CHAPTER X [How Wagner Operas Bang Along]

Three or four hours. That is a long time to sit in one place, whether
one be conspicuous or not, yet some of Wagner's operas bang along for
six whole hours on a stretch! But the people sit there and enjoy it all,
and wish it would last longer. A German lady in Munich told me that a
person could not like Wagner's music at first, but must go through the
deliberate process of learning to like it--then he would have his sure
reward; for when he had learned to like it he would hunger for it and
never be able to get enough of it. She said that six hours of Wagner was
by no means too much. She said that this composer had made a complete
revolution in music and was burying the old masters one by one. And
she said that Wagner's operas differed from all others in one notable
respect, and that was that they were not merely spotted with music here
and there, but were ALL music, from the first strain to the last. This
surprised me.

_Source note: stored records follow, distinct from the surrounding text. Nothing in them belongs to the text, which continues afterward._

(* Invariant of [aug]: the accumulated tree is well formed and its root is the
   complement of the current cluster (or the current cluster is the whole mesh). *)
Definition aug_acc_ok (X : {set 'I_n}) (acc : option (ctree n)) : bool :=
  if acc is Some a then wf_nodes a && (cluster a == ~: X) else X == setT.

Lemma aug_acc_ok_join l r acc :
  [disjoint cluster l & cluster r] -> wf_nodes r ->
  aug_acc_ok (cluster l :|: cluster r) acc ->
  aug_acc_ok (cluster l) (Some (aug_join (~: cluster l) r acc)).
Proof.
move=> dlr wr; have rl : cluster r \subset ~: cluster l.
  by rewrite -disjoints_subset disjoint_sym.
case: acc => [a /andP[wa /eqP ca]|/eqP lr] /=; rewrite ?wr ?eqxx ?andbT /=.
  rewrite wa ca disjoints_subset setCK subsetUr andbT setCU.
  by rewrite setUIr setUCr setIT (setUidPr rl) eqxx.
rewrite eqEsubset rl /=; apply/subsetP => z; rewrite inE => /negbTE zl.
by move: (in_setT z); rewrite -lr in_setU zl.
Qed.

Lemma aug_wf t p acc Tp : wf_nodes t -> aug_acc_ok (cluster t) acc ->
  aug t p acc = Some Tp -> wf_nodes Tp.
Proof.
elim: t p acc => [X|X l IHl r IHr] [|[] p] acc //=.
  by move=> _; case: acc => [a /andP[wa _] [<-]|].
- case/and4P=> /eqP eX dlr wl wr Hacc; apply: IHr wr _.
  by apply: aug_acc_ok_join; rewrite 1?disjoint_sym // setUC -eX.
- case/and4P=> /eqP eX dlr wl wr Hacc; apply: IHl wl _.
  by apply: aug_acc_ok_join; rewrite // -eX.
Qed.

End ClusterTrees.
Lemma mulmx_scalar_sym (R : idomainType) r (X Y : 'M[R]_r) a :
  \det X != 0 -> X *m Y = a%:M -> Y *m X = a%:M.
Proof.
move=> dX XY; apply/eqP; rewrite -subr_eq0; apply/eqP.
have XZ : X *m (Y *m X - a%:M) = 0.
  by rewrite mulmxBr mulmxA XY mul_scalar_mx mul_mx_scalar subrr.
have /matrixP h : \adj X *m (X *m (Y *m X - a%:M)) = 0 by rewrite XZ mulmx0.
apply/matrixP => i j; move: (h i j); rewrite mulmxA mul_adj_mx mul_scalar_mx !mxE.
by move/eqP; rewrite mulf_eq0 (negbTE dX) => /eqP.
Qed.

Section ResidueUnits.
Variables (S : idomainType) (F : fieldType) (pi : {rmorphism S -> F}) (l : S).
Hypothesis pi_l : pi l = 0.
Hypothesis Hdvr : forall a : S, a != 0 -> exists k u, u \is a GRing.unit /\ a = u * l ^+ k.

Lemma unit_of_residue a : pi a != 0 -> a \is a GRing.unit.
Proof.
move=> ha; have [|[|k] [u [hu e]]] := Hdvr (a := a); first by apply: contraNneq ha => ->; rewrite rmorph0.
  by rewrite e expr0 mulr1.
by move: ha; rewrite e rmorphM rmorphXn pi_l expr0n mulr0 eqxx.
Qed.

Lemma unitmx_of_residue n (B : 'M[S]_n) : map_mx pi B \in unitmx -> B \in unitmx.
Proof. by rewrite !unitmxE unitfE det_map_mx; apply: unit_of_residue. Qed.

End ResidueUnits.

Section JordanLift.
Variables (S : comNzRingType) (F : nzRingType) (pi : {rmorphism S -> F}).
Hypothesis pi_surj : forall y : F, exists a : S, pi a = y.
Variables (n r : nat) (m : 'I_r -> nat) (A : 'M[S]_n) (P : 'M[F]_n).
Hypothesis HP : P *m map_mx pi A = nilJordan F n m *m P.
Hypothesis Hsum : (\sum_(i < r) m i)%N = n.
Local Notation bs := (block_start m).

Lemma exists_lift_mx : exists L : 'M[S]_n, map_mx pi L = P.
Proof.
have pi_surjb y : exists a, pi a == y by have [a ha] := pi_surj y; exists a; apply/eqP.
exists (\matrix_(i, j) xchoose (pi_surjb (P i j))).
by apply/matrixP => i j; rewrite !mxE; apply/eqP; exact: xchooseP (pi_surjb (P i j)).
Qed.

(* Lift the Jordan chains of [P] to [S]: rows at block starts are lifted
   arbitrarily, the others are obtained from the previous one by applying [A]. *)
Lemma jordan_chain_lift : exists (B : 'M[S]_n) (w : 'I_r -> 'rV[S]_n),
  [/\ map_mx pi B = P,
      forall i (k : 'I_n), in_block m i k -> row k B = w i *m A ^+ (k - block_offset m i),
      forall i, map_mx pi (w i *m A ^+ m i) = 0 &
      forall i, m i = 0%N -> w i = 0].
Proof.
have [L mapL] := exists_lift_mx.
pose b := fix b (k : nat) : 'rV[S]_n := match k with
  | 0 => row_at L 0
  | k'.+1 => if bs k'.+1 then row_at L k'.+1 else b k' *m A end.
have bP k : (k < n)%N -> map_mx pi (b k) = row_at P k.
  elim: k => [|k IH] hk; first by rewrite /= /row_at insubT //= map_row mapL.
  rewrite /=; case: ifP => hbs.
    by rewrite /row_at insubT //= map_row mapL.
  have hk' : (k < n)%N := ltnW hk.
  rewrite map_mxM IH // (row_atE _ (Ordinal hk')) -row_mul HP.
  by rewrite (row_nilJordan_mul _ (k' := Ordinal hk)) ?hbs // -(row_atE _ (Ordinal hk)).
pose w i := if (0 < m i)%N then b (block_offset m i) else 0.
have bw (i : 'I_r) j : (j < m i)%N -> b (block_offset m i + j)%N = w i *m A ^+ j.
  elim: j => [|j IH] hj; first by rewrite addn0 /w (leq_trans _ hj) // expr0 mulmx1.
  rewrite addnS /= ifN; first by rewrite IH 1?ltnW // exprSr mulmxA.
  by apply: (not_block_start_inner (i := i)); rewrite ltnS leq_addr -addnS ltn_add2l.
exists (\matrix_(k < n) b k), w; split.
- by apply/row_matrixP => k; rewrite -map_row rowK bP // row_atE.
- move=> i k /andP[h1 h2]; rewrite rowK -bw ?subnKC //.
  by rewrite ltn_subLR.
- move=> i; have [h0|hm] := posnP (m i); first by rewrite /w h0 mul0mx map_mx0.
  have hl : (block_offset m i + (m i).-1 < n)%N.
    by rewrite -Hsum (leq_trans _ (block_offset_le_sum m i.+1)) // block_offsetS ltn_add2l prednK.
  rewrite -[m i]prednK // exprSr mulmxA -bw ?prednK // map_mxM bP //.
  rewrite (row_atE _ (Ordinal hl)) -row_mul HP row_nilJordan_mul_end //=.
  by rewrite -addnS prednK // -block_offsetS block_start_offset.
- by move=> i hm; rewrite /w hm.
Qed.

End JordanLift.

Theorem mainTheorem11
  (S : idomainType) (l : nat) (F : finFieldType) (pi : {rmorphism S -> F})
  (HS : @unram_int_ring S l F pi)
  (d1 : nat) (f1 : {poly S})
  (Hf1m : f1 \is monic) (Hf1s : size f1 = d1.+1)
  (Hf1l : map_poly pi f1 = 'X^d1)
  (n : nat) (A : 'M[S]_n)
  (HA : forall v : 'rV[S]_n, pact A v f1 = 0)
  (r : nat) (v : 'I_r -> 'rV[S]_n)
  (Hgen : forall w : 'rV[S]_n, exists p : 'I_r -> {poly S},
            w = \sum_(i < r) pact A (v i) (p i))
  (m : 'I_r -> nat)
  (Hm : @Hp F n r (map_mx pi A) m) :
  exists (X Y : 'M[{poly S}]_r),
    [/\ Y *m X = f1%:M,
        \det X = char_poly A,
        (exists w : 'I_r -> 'rV[S]_n,
           let phi := fun q : 'cV[{poly S}]_r =>
                        \sum_(i < r) pact A (w i) (q i ord0) in
           (forall u : 'rV[S]_n, exists q, phi q = u) /\
           (forall q : 'cV[{poly S}]_r,
              phi q = 0 <-> exists q' : 'cV[{poly S}]_r, q = X *m q')) &
        map_mx (map_poly pi) X =
          \matrix_(i < r, j < r) ((i == j)%:R * 'X^(m i))].
Proof.
case: HS => _ _ [Hdvr pi_surj pi_ker _]; case: Hm => Hdec Hsum [P [Punit HP]].
have pi_l : pi l%:R = 0 by apply/pi_ker; exists 1; rewrite mul1r expr1.
have HP' : P *m map_mx pi A = nilJordan F n m *m P by rewrite -HP mulmxKV.
have [B [w [mapB Hrow Hend Hw0]]] := jordan_chain_lift pi_surj HP' Hsum.
have HB : B \in unitmx by apply: (unitmx_of_residue pi_l Hdvr); rewrite mapB.
have detX := det_pres_mx Hdec Hsum HB Hrow Hw0.
have [Y XY] := pres_mx_cofactor Hsum HB Hrow Hw0 HA.
exists (pres_mx m A B w), Y; split => //.
- by apply: mulmx_scalar_sym XY; rewrite detX monic_neq0 ?char_poly_monic.
- exists w => phi; split; first exact: gen_map_surj Hsum HB Hrow.
  by move=> q; apply: gen_map_eq0 Hsum HB Hrow Hw0 q.
- exact: map_pres_mx.
Qed.
Lemma fixed_val_le_VI e t i :
  In e (Epos m) -> (t <= tau)%nat -> (i < K)%nat -> fixed_val e t <= V t i.
Proof.
  intros He; pose proof He as [HeE _]%Epos_spec.
  revert i; induction t as [|t IH]; intros i Ht Hi; [unfold fixed_val; simpl; lra|].
  rewrite VI_S_before, fixed_val_S by auto.
  eapply Rle_trans; [|apply maxL_ub; exact HeE].
  pose proof (zeta_range i e Hi HeE); pose proof (zeta_between i e Hi HeE).
  pose proof (zeta_imin_pos e He).
  apply bellman_mono; try lra.
  - apply fixed_val_le_beta; auto.
  - apply cont_ge; auto; intros; apply IH; auto; lia.
Qed.

Lemma Vl_le_of t c :
  (t = O -> 0 <= c) -> (forall e, In e (Epos m) -> fixed_val e t <= c) -> Vl m lam n t <= c.
Proof.
  intros H0 H; destruct t as [|t]; [simpl; auto|].
  unfold Vl; apply maxL_lub; [exact Epos_nonempty|]; intros e He.
  pose proof (zeta_imin_pos e He); rewrite geom_closed by lra; apply H; auto.
Qed.

Lemma Vl_le_VI t i : (t <= tau)%nat -> (i < K)%nat -> Vl m lam n t <= V t i.
Proof.
  intros Ht Hi; apply Vl_le_of.
  - intros ->; simpl; lra.
  - intros e He; apply fixed_val_le_VI; auto.
Qed.

(* Value of the same policy once the prediction is made: with probability
   [p] the packet is real, otherwise energy is wasted during the [t - tau]
   slots before the false alarm is detected. *)
Definition pred_val (e : R) (t : nat) : R :=
  - (1 - p) * geom (zeta imin e) (t - tau) * (lam * e)
  + p * geom (zeta imin e) t * (- lam * e + zeta imin e * beta).

Lemma pred_val_tau e : pred_val e tau = p * fixed_val e tau.
Proof. unfold pred_val, fixed_val; rewrite Nat.sub_diag; simpl; ring. Qed.

Lemma pred_val_S e t : (tau <= t)%nat -> pred_val e (S t) =
  - lam * e + zeta imin e * (p * beta) + (1 - zeta imin e) * pred_val e t.
Proof.
  intros H; unfold pred_val.
  replace (S t - tau)%nat with (S (t - tau)) by lia; cbn [geom]; ring.
Qed.

Lemma pred_val_le e t : In e (Epos m) -> pred_val e t <= p * beta.
Proof.
  intros He; pose proof (zeta_imin_pos e He) as Hz.
  apply Epos_spec in He as [_ He0].
  destruct (geom_bounds (zeta imin e) t Hz) as [A0 A1].
  destruct (geom_bounds (zeta imin e) (t - tau) Hz) as [B0 B1].
  pose proof beta_ge0; pose proof q_lt_p; pose proof p_le1; unfold pred_val.
  assert (0 <= (1 - p) * geom (zeta imin e) (t - tau) * (lam * e))
    by (apply Rmult_le_pos; [apply Rmult_le_pos|]; nra).
  assert (0 <= p * geom (zeta imin e) t * (lam * e))
    by (apply Rmult_le_pos; [apply Rmult_le_pos|]; nra).
  assert (p * (zeta imin e * geom (zeta imin e) t) * beta <= p * 1 * beta)
    by (apply Rmult_le_compat_r; [lra|apply Rmult_le_compat_l; lra]).
  nra.
Qed.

I said I had attended one of his insurrections, and found
hardly ANY music in it except the Wedding Chorus. She said "Lohengrin"
was noisier than Wagner's other operas, but that if I would keep on
going to see it I would find by and by that it was all music, and
therefore would then enjoy it. I COULD have said, "But would you advise
a person to deliberately practice having a toothache in the pit of his
stomach for a couple of years in order that he might then come to enjoy
it?" But I reserved that remark.

This lady was full of the praises of the head-tenor who had performed in
a Wagner opera the night before, and went on to enlarge upon his old and
prodigious fame, and how many honors had been lavished upon him by the
princely houses of Germany. Here was another surprise. I had attended
that very opera, in the person of my agent, and had made close and
accurate observations. So I said:

"Why, madam, MY experience warrants me in stating that that tenor's
voice is not a voice at all, but only a shriek--the shriek of a hyena."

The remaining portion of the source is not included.